======== Data listing

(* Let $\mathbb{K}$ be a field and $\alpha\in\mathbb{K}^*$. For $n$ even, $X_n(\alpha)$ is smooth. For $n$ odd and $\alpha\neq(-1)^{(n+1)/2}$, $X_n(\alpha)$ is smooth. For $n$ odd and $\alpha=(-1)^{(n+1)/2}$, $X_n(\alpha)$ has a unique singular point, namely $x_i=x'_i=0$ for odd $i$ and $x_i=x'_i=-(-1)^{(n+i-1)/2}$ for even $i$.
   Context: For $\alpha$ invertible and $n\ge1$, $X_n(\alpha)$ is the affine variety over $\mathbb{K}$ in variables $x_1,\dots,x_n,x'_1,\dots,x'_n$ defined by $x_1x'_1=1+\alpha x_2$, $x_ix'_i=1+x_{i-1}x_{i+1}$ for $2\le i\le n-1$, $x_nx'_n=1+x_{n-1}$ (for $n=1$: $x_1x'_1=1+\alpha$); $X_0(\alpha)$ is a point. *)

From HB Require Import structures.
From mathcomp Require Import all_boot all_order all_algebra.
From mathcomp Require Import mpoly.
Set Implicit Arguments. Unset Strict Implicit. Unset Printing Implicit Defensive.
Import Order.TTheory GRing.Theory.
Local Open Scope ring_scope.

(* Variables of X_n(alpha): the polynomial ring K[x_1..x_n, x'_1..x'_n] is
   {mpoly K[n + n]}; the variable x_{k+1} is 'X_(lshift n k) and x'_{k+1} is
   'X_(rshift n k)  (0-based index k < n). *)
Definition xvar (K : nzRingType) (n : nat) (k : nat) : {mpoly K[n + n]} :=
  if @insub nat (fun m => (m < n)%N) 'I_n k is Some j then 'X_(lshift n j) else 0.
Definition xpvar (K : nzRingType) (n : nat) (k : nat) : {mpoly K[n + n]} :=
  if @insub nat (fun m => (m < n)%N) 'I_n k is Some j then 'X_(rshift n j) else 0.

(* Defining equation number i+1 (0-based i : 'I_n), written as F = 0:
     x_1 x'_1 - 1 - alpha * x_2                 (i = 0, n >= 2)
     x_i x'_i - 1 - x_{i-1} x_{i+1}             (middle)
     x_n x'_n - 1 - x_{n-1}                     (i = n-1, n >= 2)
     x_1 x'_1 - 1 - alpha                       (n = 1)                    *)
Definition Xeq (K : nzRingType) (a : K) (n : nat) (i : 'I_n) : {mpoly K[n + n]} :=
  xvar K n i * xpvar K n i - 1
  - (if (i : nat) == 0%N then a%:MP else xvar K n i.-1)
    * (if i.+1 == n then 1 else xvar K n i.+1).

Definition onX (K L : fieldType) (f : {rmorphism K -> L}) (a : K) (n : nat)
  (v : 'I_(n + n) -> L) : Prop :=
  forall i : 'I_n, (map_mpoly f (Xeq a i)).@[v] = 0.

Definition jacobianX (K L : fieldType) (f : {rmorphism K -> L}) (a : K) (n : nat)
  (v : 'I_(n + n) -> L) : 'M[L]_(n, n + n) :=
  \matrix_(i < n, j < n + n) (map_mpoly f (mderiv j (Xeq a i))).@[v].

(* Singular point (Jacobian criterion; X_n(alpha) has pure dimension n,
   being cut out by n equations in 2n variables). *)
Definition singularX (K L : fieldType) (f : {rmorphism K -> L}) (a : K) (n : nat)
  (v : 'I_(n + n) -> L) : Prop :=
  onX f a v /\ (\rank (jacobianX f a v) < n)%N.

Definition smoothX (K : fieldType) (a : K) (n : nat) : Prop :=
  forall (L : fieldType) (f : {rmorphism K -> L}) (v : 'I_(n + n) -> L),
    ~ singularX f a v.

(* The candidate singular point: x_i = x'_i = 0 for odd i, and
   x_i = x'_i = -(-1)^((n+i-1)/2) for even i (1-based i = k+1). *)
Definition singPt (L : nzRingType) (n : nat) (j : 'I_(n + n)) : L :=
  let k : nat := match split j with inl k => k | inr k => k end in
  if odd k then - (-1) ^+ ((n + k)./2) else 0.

================
======== Data listing

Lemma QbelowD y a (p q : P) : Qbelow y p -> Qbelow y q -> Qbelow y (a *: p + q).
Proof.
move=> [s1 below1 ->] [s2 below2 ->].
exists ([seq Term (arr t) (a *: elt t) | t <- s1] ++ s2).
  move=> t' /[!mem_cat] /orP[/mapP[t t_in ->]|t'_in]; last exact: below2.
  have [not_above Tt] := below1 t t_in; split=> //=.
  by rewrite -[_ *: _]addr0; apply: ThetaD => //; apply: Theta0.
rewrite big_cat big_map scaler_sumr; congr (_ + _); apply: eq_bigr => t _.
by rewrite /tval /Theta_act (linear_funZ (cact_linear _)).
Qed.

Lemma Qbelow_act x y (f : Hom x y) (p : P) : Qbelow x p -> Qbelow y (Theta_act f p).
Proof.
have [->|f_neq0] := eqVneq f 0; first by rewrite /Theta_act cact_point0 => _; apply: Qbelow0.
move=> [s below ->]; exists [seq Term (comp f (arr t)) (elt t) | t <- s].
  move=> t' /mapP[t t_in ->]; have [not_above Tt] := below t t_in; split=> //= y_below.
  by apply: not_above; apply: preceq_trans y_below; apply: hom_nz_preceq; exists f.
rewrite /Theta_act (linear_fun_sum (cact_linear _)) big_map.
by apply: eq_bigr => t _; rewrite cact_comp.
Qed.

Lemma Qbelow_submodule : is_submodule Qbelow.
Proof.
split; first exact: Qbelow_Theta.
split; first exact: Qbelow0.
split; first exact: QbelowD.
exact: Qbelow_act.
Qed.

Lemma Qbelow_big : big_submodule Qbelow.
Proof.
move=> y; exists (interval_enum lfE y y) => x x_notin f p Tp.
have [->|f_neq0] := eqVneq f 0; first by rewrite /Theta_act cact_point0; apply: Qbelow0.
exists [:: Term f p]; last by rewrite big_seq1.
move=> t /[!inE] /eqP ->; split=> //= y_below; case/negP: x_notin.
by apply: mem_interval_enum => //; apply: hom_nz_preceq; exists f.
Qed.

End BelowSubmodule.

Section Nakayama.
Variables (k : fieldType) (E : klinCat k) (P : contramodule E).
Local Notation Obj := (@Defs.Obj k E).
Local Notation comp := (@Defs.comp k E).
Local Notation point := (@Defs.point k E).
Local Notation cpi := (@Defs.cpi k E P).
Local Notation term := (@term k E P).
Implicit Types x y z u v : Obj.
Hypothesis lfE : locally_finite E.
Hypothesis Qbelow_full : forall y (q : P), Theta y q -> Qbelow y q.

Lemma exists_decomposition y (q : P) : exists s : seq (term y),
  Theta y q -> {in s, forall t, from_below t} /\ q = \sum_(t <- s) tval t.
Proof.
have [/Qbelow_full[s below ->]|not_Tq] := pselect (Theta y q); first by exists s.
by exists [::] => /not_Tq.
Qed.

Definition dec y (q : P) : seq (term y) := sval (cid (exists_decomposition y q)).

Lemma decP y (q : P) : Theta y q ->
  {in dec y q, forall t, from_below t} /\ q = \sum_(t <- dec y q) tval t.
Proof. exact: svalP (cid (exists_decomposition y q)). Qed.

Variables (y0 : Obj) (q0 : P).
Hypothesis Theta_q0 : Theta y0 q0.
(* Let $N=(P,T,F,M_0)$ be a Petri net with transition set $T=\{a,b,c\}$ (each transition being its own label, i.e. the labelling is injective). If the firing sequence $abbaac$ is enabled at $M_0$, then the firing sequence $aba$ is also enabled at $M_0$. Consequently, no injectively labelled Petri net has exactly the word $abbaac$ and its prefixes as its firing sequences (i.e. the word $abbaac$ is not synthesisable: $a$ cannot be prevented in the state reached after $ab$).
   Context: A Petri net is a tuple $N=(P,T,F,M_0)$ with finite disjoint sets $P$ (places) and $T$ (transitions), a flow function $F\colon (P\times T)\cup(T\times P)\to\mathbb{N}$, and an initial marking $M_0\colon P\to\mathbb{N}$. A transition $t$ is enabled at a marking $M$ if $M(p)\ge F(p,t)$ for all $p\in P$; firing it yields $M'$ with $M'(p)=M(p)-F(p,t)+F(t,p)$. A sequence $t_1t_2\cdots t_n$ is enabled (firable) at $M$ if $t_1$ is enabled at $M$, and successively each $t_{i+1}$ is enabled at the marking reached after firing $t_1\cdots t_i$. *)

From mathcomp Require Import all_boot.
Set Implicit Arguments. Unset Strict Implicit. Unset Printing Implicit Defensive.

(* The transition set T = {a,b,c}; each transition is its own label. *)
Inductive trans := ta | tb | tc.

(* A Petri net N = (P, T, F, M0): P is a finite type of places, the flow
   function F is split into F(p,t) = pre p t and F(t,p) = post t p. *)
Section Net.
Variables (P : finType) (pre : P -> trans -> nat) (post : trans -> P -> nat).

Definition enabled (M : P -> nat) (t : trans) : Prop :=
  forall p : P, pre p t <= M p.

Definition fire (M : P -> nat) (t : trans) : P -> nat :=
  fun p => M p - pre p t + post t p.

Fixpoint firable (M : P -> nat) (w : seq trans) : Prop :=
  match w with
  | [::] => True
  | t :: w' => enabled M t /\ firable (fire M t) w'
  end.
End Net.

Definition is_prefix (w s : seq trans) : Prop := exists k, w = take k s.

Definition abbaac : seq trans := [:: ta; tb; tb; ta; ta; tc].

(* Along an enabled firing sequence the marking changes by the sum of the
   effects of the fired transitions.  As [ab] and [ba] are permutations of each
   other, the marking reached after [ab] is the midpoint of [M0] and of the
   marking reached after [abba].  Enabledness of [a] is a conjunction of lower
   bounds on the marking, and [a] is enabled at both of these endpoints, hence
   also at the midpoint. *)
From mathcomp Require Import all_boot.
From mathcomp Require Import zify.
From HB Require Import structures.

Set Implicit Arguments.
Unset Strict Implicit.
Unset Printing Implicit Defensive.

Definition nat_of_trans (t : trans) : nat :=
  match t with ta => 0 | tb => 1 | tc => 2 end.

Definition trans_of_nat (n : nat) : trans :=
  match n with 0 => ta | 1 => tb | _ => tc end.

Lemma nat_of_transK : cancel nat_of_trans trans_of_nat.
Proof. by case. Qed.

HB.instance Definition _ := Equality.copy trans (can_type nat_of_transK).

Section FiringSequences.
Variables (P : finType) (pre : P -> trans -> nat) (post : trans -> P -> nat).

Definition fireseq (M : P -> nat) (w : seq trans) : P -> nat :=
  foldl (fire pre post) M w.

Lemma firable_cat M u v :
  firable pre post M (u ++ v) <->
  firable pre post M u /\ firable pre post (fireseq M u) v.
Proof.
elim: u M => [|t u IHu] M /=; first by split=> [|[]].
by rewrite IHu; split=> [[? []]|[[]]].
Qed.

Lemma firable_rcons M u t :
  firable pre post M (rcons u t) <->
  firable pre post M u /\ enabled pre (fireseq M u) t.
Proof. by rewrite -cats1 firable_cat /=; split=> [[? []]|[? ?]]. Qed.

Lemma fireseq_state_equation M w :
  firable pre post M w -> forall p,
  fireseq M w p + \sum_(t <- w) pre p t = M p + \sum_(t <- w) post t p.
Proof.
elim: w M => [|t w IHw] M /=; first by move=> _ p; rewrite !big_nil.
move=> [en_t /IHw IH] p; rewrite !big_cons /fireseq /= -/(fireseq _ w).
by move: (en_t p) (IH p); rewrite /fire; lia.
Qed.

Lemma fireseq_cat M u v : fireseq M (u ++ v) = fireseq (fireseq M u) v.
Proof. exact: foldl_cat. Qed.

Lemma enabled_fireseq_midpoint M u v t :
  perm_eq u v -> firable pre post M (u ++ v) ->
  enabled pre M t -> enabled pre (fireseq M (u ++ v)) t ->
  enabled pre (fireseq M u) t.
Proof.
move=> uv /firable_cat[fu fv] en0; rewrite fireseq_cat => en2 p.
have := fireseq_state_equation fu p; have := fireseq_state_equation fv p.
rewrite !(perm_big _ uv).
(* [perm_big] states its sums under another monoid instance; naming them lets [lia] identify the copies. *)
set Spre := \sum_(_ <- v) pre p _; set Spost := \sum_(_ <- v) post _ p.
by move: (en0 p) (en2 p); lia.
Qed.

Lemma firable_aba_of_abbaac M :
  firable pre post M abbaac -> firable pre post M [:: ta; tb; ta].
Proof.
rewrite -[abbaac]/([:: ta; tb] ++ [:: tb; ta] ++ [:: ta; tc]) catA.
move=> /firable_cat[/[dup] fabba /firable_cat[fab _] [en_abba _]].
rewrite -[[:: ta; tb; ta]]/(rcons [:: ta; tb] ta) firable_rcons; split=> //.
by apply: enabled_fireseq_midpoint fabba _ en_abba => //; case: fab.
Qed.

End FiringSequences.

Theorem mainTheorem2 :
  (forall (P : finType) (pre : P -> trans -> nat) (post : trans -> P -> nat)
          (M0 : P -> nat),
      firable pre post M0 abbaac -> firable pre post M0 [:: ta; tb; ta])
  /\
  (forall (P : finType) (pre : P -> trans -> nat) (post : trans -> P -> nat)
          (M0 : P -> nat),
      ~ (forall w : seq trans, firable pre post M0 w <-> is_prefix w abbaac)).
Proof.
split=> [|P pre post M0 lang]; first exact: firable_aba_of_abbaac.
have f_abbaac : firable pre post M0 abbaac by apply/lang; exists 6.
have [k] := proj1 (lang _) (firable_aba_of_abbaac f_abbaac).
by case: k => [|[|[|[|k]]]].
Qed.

================
======== Data listing

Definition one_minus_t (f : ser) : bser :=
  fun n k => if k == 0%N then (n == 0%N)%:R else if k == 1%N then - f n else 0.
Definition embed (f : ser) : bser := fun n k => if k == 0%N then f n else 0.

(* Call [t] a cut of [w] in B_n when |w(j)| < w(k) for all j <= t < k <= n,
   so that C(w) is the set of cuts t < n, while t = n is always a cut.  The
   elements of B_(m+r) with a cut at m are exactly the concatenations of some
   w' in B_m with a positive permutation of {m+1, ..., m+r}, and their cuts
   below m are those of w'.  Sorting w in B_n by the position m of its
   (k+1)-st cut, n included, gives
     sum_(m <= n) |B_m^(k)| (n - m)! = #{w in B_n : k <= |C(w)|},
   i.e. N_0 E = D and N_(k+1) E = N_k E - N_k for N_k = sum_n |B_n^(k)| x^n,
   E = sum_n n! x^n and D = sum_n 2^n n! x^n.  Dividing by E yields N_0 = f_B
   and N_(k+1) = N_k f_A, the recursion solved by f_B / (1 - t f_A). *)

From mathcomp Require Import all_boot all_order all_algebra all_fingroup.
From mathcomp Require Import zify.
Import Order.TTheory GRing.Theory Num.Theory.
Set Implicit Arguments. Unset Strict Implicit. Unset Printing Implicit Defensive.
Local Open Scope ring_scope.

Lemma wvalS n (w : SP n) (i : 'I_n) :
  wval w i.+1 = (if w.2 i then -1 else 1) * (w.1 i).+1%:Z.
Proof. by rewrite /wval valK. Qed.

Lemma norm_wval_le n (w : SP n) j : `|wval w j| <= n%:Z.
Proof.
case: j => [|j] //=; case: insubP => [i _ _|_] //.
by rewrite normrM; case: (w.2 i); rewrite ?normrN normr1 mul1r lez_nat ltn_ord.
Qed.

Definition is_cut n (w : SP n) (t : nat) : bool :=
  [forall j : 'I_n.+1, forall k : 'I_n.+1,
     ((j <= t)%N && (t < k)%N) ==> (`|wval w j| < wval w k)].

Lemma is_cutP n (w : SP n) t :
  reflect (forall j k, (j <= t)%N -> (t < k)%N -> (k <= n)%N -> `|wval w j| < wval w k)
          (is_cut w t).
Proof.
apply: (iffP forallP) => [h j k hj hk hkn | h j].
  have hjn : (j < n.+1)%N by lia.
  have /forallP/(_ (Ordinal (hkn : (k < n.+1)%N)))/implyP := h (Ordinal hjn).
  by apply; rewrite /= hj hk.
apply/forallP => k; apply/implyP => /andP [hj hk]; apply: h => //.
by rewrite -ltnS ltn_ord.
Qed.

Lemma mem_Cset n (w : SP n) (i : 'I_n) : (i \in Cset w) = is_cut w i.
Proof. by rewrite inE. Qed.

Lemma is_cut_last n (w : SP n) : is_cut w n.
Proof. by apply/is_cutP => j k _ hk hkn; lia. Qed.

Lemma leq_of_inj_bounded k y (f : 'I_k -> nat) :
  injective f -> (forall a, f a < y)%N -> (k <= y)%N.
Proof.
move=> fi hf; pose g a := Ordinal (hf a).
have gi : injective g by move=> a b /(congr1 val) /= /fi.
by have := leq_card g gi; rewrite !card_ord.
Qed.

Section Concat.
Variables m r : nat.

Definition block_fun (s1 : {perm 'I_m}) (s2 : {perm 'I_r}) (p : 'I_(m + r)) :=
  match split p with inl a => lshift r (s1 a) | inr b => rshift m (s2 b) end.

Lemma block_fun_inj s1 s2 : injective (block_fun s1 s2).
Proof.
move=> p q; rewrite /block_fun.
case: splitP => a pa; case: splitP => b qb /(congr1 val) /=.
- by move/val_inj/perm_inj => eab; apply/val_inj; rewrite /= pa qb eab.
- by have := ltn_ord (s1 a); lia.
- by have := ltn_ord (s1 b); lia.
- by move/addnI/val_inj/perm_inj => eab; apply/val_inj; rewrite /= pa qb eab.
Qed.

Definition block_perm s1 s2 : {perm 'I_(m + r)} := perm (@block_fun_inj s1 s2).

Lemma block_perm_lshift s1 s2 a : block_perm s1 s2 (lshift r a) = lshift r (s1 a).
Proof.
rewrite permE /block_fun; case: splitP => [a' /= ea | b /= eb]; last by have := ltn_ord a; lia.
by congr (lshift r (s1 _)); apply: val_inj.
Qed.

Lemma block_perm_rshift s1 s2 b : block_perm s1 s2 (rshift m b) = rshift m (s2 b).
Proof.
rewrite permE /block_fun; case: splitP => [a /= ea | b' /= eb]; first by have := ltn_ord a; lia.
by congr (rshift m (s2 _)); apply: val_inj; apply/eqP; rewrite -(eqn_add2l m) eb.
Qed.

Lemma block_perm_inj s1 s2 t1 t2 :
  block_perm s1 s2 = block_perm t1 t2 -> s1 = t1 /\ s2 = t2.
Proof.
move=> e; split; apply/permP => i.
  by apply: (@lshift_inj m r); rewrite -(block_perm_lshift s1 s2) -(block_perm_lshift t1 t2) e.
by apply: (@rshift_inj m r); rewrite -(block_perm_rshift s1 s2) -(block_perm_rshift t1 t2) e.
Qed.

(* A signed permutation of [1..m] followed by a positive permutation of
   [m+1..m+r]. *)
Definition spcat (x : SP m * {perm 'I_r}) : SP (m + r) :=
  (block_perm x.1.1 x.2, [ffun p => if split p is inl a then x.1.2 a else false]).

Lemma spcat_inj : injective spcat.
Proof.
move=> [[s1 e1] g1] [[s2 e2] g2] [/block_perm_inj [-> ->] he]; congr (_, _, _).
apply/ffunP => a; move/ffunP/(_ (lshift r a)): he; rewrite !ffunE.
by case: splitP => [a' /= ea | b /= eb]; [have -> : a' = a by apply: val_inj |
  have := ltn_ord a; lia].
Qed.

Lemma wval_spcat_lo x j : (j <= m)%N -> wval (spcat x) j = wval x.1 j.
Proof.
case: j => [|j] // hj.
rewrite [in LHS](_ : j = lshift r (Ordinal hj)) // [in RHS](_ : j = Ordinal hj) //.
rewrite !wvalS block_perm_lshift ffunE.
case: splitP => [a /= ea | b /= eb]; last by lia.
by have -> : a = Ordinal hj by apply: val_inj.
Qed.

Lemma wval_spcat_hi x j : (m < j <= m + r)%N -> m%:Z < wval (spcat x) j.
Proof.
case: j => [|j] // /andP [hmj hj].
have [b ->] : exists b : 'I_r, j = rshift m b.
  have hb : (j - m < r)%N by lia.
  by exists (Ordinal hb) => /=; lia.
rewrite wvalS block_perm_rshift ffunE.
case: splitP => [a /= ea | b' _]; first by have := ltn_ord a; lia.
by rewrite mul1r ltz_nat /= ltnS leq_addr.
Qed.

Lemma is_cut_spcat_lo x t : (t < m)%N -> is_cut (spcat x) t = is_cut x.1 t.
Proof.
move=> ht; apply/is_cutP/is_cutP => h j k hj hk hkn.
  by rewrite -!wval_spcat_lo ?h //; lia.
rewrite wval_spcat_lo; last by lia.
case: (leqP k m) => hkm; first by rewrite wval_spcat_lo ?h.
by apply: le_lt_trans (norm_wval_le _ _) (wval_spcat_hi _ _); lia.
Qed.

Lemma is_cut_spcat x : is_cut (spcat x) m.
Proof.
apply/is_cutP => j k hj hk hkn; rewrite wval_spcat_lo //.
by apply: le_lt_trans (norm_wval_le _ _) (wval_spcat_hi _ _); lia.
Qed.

================

**Problem to work on**
Please reproduce the lines from the line with "move=> t' /[!mem_cat]" to the line with "move=> [s below", both ends included, exactly as they appear above.

**Written reply**
  move=> t' /[!mem_cat] /orP[/mapP[t t_in ->]|t'_in]; last exact: below2.
  have [not_above Tt] := below1 t t_in; split=> //=.
  by rewrite -[_ *: _]addr0; apply: ThetaD => //; apply: Theta0.
rewrite big_cat big_map scaler_sumr; congr (_ + _); apply: eq_bigr => t _.
by rewrite /tval /Theta_act (linear_funZ (cact_linear _)).
Qed.

Lemma Qbelow_act x y (f : Hom x y) (p : P) : Qbelow x p -> Qbelow y (Theta_act f p).
Proof.
have [->|f_neq0] := eqVneq f 0; first by rewrite /Theta_act cact_point0 => _; apply: Qbelow0.
move=> [s below ->]; exists [seq Term (comp f (arr t)) (elt t) | t <- s].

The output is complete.